真琴ちゃんも私も、地味に意地悪されるの好きですからね。



「えぇっと、ちょっと待とうか。それ……どう言う意味?」


えぇっと、奈緒ネェ。

だから、そこは、そのまんまの話なんじゃないですかね?


なので、その辺は自覚しましょうね。



「奈緒。今更、そんな低脳な反応は要りませんよ。アナタ程のS系とM系を兼ね揃えた人は他に類を見ません。飴と鞭を使い分けるのが上手いから、超ドMの真琴が、アナタに嵌っているんじゃないんですか?これは彼氏彼女以前の問題で、アナタ方の関係は、まさに従順な犬と、主人と言う表現がピッタリだと思われますが」


うん……正解ですね。

私も、絶対にそうだと思いますよ。

敢えて言うなら100%そうだと思いますよ。


でも……その言われ様は、ちょっと。



「あのねぇ。私のどこがSなのよ?どう見ても尽くし系じゃない」

「奈緒ネェ。

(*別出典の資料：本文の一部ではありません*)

(* Let $(S,\mathcal{S})$ be a measurable space, let ${\sf F}\subseteq\mathcal{P}(S)$, and let $\mathcal{E}$ be a $\cap$-stable collection with $\sigma(\mathcal{E})=\mathcal{S}$. If there exist $E_n\in\mathcal{E}\cap {\sf F}$, $n\in\mathbb{N}$, with $S=\bigcup_{n\in\mathbb{N}}E_{n}$, then $\{N^{\sf F}_{E}\mid E\in\mathcal{E}\}$ generates $\mathcal{C}^{\sf F}(\mathcal{S})$, i.e. $\sigma(N^{\sf F}_E\mid E\in\mathcal{E})=\mathcal{C}^{\sf F}(\mathcal{S})$.
   Context: $C(S)$ is the set of countable subsets of $S$. $C^{\sf F}(S)=\{M\in C(S)\mid |M\cap A|<\infty \text{ for all } A\in{\sf F}\}$. For $A\subseteq S$, $N^{\sf F}_A:C^{\sf F}(S)\to\mathbb{N}_0\cup\{\infty\}$, $M\mapsto|M\cap A|$. For nonempty $\mathcal{T}\subseteq\mathcal{P}(S)$, $\mathcal{C}^{\sf F}(\mathcal{T})=\sigma(N^{\sf F}_A\mid A\in\mathcal{T})$, a $\sigma$-field on $C^{\sf F}(S)$. *)

From Stdlib Require Import List Classical ClassicalEpsilon.
Import ListNotations.
Set Implicit Arguments.

Definition is_sigma_field {X : Type} (Sig : (X -> Prop) -> Prop) : Prop :=
  Sig (fun _ => True) /\
  (forall A, Sig A -> Sig (fun x => ~ A x)) /\
  (forall A : nat -> X -> Prop, (forall n, Sig (A n)) -> Sig (fun x => exists n, A n x)).

Definition sigma_gen {X : Type} (G : (X -> Prop) -> Prop) : (X -> Prop) -> Prop :=
  fun A => forall Sig, is_sigma_field Sig -> (forall B, G B -> Sig B) -> Sig A.

Definition cap_stable {X : Type} (E : (X -> Prop) -> Prop) : Prop :=
  forall A B, E A -> E B -> E (fun x => A x /\ B x).

Definition countable_set {S : Type} (M : S -> Prop) : Prop :=
  exists f : S -> nat, forall x y, M x -> M y -> f x = f y -> x = y.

そこは『健気』って言おうね。以前、尽くすってイメージが悪いからって『健気』にしようって話で決定してたじゃん」

「あぁそっか、そっか。……じゃあ、健気系じゃない」

「酷い低脳姉妹ですね。貴女方は脳が蒸発してしまって、もう既に無いのですか?」


うん……確かに、こんな事を論じてる時点で、かなりの低脳ですね。


……って、さっきから、これ、なんの話?



「あのねぇ、誰が低脳よ。……って言うか、ステラさぁ。それだけクラの事が解ってて、自分のモノにしたいって事は、アンタが一番ドSなんじゃないの?それこそクィーンOFクィーンだよ」

「はい、そうですが、なにか?わざわざ言って頂かなくても、自覚してますが」

「嫌味も通じないのかよ……ホント、ムカツクなぁ、この女だけは」


うん……奈緒ネェね。

ステラさんを相手にする時は、ムキになったら負けだよ。


それを『相手の思う壺』って言うんだよ。



「あの……って言いますかね。そろそろライブの話をした方が良くないですか?時間も余り無いですし」

「あぁ良いの、良いの。どうせ、もぅ直ぐ此処に最終兵器が到着する筈だからさ。ライブの打ち合わせは、それからで十分だよ。このメンバーだったら、音合わせなんか『軽く』で十分だしね」

「はぁ……そうなんですか」

「そうだよ」


あぁ……なんだろう?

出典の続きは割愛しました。